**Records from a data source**
========================
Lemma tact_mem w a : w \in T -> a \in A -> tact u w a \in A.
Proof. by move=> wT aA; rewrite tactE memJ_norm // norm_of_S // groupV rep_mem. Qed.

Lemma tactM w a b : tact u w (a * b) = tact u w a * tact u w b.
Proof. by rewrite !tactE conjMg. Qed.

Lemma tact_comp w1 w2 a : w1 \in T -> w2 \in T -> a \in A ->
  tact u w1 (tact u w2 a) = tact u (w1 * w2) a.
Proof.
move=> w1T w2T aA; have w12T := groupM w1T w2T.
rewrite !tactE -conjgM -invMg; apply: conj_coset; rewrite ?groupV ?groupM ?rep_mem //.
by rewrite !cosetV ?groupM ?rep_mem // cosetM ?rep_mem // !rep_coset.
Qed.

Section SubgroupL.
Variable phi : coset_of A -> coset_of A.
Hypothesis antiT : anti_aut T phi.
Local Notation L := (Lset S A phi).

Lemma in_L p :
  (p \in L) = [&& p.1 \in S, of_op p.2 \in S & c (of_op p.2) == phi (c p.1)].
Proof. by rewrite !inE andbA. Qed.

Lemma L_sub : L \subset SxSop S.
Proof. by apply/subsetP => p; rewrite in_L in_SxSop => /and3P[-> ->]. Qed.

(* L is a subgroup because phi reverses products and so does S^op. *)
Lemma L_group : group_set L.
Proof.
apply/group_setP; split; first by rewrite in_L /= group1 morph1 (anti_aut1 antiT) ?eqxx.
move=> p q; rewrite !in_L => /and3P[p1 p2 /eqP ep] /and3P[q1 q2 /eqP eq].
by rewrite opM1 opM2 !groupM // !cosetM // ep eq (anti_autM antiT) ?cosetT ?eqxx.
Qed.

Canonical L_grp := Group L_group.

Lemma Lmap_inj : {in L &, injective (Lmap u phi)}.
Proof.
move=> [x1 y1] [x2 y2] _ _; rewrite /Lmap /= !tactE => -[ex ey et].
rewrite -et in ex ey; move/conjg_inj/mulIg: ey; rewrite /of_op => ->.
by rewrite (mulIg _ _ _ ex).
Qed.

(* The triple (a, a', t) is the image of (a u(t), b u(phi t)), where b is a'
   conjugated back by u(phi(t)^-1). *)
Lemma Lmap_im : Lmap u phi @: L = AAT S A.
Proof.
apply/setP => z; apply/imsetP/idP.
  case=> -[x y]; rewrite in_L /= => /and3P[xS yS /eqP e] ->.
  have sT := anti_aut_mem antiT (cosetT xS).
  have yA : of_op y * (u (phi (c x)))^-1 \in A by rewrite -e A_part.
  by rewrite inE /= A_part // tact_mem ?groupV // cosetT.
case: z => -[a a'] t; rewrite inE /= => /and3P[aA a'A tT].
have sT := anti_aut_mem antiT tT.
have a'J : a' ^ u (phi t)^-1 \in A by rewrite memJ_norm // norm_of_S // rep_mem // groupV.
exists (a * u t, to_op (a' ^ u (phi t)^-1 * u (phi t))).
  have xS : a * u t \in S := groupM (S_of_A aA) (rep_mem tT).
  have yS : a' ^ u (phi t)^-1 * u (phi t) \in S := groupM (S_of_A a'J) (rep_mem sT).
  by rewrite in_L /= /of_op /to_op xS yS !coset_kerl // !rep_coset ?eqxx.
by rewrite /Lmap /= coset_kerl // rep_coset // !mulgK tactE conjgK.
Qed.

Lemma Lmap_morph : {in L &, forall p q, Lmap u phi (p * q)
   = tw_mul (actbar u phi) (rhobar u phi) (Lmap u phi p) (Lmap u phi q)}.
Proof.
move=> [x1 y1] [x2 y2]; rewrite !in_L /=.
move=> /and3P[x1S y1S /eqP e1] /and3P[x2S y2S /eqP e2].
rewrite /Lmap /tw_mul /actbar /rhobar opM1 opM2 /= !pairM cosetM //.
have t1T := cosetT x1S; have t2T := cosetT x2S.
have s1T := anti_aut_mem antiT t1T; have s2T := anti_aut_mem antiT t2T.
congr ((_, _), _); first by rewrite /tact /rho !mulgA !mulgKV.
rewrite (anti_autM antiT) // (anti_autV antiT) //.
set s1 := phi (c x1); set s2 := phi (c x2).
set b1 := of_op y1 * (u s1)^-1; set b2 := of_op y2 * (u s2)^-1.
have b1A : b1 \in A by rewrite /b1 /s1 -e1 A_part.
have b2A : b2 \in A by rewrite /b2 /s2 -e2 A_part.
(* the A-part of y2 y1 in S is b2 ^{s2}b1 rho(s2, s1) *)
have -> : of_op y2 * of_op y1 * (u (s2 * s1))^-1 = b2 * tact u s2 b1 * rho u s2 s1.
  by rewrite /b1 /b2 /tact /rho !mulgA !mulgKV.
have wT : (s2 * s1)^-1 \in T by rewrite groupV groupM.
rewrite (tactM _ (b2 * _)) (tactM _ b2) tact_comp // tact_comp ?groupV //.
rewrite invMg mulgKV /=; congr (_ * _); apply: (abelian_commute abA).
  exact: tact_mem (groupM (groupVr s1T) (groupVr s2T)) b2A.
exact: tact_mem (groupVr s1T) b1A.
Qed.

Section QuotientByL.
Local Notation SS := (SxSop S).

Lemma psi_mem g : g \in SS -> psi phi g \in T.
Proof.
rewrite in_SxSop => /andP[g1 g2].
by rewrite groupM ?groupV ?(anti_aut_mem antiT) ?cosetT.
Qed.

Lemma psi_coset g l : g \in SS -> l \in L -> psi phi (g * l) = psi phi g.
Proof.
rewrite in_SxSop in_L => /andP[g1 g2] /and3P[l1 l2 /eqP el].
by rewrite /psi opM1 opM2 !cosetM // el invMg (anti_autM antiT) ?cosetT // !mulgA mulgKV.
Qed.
========================
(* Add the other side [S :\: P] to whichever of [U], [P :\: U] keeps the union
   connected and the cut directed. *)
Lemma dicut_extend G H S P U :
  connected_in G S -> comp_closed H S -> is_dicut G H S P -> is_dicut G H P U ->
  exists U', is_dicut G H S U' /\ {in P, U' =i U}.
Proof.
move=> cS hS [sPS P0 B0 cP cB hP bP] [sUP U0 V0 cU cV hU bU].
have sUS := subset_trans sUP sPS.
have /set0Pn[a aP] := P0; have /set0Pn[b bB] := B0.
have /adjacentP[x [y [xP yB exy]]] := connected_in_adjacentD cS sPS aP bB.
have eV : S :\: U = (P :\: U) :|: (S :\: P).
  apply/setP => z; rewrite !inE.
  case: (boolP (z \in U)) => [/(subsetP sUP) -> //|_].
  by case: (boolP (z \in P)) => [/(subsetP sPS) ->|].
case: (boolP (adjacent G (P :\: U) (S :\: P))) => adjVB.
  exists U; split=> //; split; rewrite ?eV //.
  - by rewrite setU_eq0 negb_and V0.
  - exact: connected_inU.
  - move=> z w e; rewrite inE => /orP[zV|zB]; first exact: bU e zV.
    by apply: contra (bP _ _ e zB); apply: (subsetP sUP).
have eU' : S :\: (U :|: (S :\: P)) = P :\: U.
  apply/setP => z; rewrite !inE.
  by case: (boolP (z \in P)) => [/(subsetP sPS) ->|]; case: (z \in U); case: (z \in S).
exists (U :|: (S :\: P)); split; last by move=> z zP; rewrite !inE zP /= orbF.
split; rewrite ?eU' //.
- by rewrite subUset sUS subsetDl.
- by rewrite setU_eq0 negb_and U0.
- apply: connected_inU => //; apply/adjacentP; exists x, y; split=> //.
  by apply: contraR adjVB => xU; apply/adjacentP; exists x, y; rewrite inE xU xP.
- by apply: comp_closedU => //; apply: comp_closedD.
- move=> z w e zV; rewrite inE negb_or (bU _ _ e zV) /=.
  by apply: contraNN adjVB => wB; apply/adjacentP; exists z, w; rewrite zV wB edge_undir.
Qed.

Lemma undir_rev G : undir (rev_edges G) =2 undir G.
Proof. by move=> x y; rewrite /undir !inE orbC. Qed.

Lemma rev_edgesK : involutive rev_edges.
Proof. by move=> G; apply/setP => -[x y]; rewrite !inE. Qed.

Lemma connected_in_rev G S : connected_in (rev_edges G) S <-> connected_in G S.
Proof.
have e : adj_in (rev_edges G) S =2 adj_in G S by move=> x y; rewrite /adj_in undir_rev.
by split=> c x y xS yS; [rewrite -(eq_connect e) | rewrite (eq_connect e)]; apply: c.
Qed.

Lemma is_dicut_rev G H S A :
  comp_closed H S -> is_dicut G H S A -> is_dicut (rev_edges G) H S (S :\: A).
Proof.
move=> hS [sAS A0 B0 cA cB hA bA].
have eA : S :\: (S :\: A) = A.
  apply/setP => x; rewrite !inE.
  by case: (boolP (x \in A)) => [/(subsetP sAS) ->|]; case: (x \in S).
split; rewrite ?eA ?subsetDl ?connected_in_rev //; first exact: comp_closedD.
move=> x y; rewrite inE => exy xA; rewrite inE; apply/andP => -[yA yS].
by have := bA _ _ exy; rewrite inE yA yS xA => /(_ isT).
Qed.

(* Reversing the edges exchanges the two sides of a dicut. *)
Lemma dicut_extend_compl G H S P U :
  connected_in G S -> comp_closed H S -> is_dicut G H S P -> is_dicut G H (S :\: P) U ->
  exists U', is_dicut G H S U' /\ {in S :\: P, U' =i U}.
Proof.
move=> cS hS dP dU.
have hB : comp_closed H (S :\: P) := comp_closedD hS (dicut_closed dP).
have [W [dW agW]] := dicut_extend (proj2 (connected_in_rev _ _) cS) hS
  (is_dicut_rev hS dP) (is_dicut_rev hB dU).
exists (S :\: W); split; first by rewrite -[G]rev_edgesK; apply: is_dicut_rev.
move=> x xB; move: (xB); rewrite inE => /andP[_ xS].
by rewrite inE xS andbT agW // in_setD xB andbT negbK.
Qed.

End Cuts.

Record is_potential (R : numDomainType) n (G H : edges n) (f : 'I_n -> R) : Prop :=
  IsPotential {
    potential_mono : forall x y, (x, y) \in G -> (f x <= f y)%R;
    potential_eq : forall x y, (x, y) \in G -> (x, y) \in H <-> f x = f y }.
========================
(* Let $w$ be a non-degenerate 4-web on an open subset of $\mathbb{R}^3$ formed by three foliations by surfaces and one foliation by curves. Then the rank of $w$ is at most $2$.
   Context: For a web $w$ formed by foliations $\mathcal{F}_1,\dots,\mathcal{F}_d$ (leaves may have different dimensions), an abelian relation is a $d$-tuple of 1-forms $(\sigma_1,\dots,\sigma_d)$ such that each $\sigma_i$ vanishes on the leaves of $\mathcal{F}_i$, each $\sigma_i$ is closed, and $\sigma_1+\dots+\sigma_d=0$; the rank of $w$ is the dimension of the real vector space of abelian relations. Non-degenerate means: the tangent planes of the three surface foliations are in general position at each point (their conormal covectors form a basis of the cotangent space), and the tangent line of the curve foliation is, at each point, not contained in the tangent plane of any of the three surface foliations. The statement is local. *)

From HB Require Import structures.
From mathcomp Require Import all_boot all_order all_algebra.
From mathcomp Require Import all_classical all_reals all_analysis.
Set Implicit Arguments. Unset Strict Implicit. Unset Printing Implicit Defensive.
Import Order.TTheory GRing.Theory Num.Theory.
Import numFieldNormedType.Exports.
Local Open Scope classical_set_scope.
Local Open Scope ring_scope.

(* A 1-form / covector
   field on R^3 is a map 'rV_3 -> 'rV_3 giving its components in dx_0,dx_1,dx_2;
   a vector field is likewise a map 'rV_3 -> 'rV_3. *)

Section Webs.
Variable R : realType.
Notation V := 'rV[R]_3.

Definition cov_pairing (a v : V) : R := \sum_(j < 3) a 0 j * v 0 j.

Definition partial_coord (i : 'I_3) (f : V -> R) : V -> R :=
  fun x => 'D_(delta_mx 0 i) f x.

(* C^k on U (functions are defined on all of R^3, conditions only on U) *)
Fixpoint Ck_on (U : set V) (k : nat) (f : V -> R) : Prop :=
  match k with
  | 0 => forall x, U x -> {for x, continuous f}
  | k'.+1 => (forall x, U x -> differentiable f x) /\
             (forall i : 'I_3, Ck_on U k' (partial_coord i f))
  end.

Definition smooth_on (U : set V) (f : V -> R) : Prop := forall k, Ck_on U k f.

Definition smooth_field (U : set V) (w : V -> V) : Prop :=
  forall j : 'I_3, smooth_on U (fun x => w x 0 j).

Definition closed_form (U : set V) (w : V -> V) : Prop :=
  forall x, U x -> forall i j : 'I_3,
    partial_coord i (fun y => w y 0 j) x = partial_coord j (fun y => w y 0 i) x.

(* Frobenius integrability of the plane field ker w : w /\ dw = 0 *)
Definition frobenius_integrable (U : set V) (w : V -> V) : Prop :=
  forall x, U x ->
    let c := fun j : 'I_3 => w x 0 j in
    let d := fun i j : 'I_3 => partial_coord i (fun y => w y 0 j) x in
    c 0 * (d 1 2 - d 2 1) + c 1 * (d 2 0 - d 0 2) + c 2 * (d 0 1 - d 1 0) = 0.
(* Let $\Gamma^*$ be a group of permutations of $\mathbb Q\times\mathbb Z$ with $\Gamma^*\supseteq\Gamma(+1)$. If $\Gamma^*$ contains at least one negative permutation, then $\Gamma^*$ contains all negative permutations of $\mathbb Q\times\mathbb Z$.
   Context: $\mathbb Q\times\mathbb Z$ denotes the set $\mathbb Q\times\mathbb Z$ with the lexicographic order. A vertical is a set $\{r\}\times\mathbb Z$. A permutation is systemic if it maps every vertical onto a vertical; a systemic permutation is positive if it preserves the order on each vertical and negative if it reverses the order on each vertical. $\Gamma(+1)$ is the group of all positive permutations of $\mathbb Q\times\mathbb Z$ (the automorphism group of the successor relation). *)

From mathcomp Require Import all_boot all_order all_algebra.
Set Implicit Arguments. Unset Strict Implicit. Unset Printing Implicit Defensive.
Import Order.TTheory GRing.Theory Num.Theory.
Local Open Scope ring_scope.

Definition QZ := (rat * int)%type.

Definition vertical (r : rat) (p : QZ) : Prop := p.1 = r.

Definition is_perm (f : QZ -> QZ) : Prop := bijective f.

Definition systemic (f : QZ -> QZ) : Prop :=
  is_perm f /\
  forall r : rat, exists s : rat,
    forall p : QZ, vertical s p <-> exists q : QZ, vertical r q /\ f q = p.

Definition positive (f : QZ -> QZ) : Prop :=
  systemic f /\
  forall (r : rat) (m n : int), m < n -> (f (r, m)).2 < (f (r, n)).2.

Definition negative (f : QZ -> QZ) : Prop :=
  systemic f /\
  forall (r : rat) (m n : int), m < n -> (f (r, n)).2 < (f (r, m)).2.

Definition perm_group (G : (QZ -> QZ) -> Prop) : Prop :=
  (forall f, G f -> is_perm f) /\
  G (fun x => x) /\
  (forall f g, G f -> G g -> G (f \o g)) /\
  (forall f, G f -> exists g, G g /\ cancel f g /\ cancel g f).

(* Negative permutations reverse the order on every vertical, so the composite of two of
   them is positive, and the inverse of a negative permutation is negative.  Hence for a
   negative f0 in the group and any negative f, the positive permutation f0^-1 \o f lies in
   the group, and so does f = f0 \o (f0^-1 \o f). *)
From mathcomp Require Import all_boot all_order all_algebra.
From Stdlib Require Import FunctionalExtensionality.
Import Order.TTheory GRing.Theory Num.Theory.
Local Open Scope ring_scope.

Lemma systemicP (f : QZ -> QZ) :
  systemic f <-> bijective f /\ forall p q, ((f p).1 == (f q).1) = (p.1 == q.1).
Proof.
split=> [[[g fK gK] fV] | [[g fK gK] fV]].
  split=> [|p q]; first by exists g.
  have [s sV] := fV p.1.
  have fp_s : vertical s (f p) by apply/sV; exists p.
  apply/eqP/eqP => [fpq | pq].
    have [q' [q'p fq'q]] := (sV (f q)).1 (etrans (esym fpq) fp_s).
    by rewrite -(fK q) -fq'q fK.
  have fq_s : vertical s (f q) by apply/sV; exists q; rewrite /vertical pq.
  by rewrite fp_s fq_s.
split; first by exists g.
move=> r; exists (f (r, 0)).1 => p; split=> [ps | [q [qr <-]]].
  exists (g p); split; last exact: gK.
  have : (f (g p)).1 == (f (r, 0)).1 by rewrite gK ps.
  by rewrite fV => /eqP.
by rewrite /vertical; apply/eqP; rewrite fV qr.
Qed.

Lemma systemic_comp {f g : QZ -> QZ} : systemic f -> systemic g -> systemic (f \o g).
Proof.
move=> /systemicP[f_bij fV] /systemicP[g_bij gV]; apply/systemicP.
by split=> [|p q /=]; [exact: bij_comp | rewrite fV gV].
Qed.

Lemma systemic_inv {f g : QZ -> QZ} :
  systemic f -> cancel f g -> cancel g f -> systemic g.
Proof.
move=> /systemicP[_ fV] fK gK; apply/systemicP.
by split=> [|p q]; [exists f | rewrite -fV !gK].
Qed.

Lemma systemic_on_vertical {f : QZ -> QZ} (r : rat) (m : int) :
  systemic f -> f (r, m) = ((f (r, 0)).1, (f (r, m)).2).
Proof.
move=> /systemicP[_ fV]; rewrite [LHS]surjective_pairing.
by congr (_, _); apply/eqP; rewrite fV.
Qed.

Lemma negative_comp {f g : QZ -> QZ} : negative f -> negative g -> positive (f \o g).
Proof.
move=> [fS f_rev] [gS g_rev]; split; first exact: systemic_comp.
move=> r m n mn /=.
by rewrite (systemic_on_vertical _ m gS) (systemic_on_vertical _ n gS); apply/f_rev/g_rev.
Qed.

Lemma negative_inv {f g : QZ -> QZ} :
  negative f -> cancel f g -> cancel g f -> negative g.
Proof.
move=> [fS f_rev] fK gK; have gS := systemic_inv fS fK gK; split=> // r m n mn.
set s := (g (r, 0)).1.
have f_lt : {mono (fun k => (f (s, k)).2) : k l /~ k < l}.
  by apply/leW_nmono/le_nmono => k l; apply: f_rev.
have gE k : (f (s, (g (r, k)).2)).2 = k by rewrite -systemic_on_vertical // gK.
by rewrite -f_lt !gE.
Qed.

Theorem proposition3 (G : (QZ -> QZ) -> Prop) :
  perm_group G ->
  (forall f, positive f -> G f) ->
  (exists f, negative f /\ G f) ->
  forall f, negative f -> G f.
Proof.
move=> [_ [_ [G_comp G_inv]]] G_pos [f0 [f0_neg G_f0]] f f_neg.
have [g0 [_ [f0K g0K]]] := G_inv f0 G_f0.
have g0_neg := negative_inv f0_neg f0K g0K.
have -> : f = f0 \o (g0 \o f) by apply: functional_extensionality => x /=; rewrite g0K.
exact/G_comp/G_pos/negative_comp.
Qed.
========================
**WHAT IS REQUIRED**
Out of the entries above, write out only the lines between the line holding "- apply: connected_inU" and the line holding "Proof. by move=> G;", inclusive, each exactly as given.

**RESPONSE**
- apply: connected_inU => //; apply/adjacentP; exists x, y; split=> //.
  by apply: contraR adjVB => xU; apply/adjacentP; exists x, y; rewrite inE xU xP.
- by apply: comp_closedU => //; apply: comp_closedD.
- move=> z w e zV; rewrite inE negb_or (bU _ _ e zV) /=.
  by apply: contraNN adjVB => wB; apply/adjacentP; exists z, w; rewrite zV wB edge_undir.
Qed.

Lemma undir_rev G : undir (rev_edges G) =2 undir G.
Proof. by move=> x y; rewrite /undir !inE orbC. Qed.

Lemma rev_edgesK : involutive rev_edges.
Proof. by move=> G; apply/setP => -[x y]; rewrite !inE. Qed.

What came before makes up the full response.